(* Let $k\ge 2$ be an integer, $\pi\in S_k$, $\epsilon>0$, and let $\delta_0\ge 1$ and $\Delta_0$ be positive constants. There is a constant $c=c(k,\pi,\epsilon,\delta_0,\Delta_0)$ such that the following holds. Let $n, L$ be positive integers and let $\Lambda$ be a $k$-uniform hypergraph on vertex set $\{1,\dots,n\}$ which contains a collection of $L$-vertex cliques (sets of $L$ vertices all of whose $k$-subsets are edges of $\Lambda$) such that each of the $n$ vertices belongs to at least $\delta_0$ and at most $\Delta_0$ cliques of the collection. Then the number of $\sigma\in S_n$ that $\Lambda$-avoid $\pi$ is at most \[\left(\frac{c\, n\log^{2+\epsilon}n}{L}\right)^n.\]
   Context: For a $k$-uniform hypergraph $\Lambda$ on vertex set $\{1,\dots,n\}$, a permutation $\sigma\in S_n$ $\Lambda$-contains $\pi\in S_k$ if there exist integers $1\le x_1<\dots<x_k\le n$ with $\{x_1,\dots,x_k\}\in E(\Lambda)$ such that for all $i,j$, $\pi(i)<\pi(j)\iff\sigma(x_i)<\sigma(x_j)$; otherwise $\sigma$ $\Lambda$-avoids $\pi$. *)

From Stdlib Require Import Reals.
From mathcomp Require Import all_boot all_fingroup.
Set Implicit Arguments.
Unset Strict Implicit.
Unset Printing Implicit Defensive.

- _WORK TO COMPLETE_
Restate, word for word and with nothing added, the lines from the first line of the listing through the one where "From mathcomp Require" stands.

- _YOUR SOLUTION_
(* Let $k\ge 2$ be an integer, $\pi\in S_k$, $\epsilon>0$, and let $\delta_0\ge 1$ and $\Delta_0$ be positive constants. There is a constant $c=c(k,\pi,\epsilon,\delta_0,\Delta_0)$ such that the following holds. Let $n, L$ be positive integers and let $\Lambda$ be a $k$-uniform hypergraph on vertex set $\{1,\dots,n\}$ which contains a collection of $L$-vertex cliques (sets of $L$ vertices all of whose $k$-subsets are edges of $\Lambda$) such that each of the $n$ vertices belongs to at least $\delta_0$ and at most $\Delta_0$ cliques of the collection. Then the number of $\sigma\in S_n$ that $\Lambda$-avoid $\pi$ is at most \[\left(\frac{c\, n\log^{2+\epsilon}n}{L}\right)^n.\]
   Context: For a $k$-uniform hypergraph $\Lambda$ on vertex set $\{1,\dots,n\}$, a permutation $\sigma\in S_n$ $\Lambda$-contains $\pi\in S_k$ if there exist integers $1\le x_1<\dots<x_k\le n$ with $\{x_1,\dots,x_k\}\in E(\Lambda)$ such that for all $i,j$, $\pi(i)<\pi(j)\iff\sigma(x_i)<\sigma(x_j)$; otherwise $\sigma$ $\Lambda$-avoids $\pi$. *)

From Stdlib Require Import Reals.
From mathcomp Require Import all_boot all_fingroup.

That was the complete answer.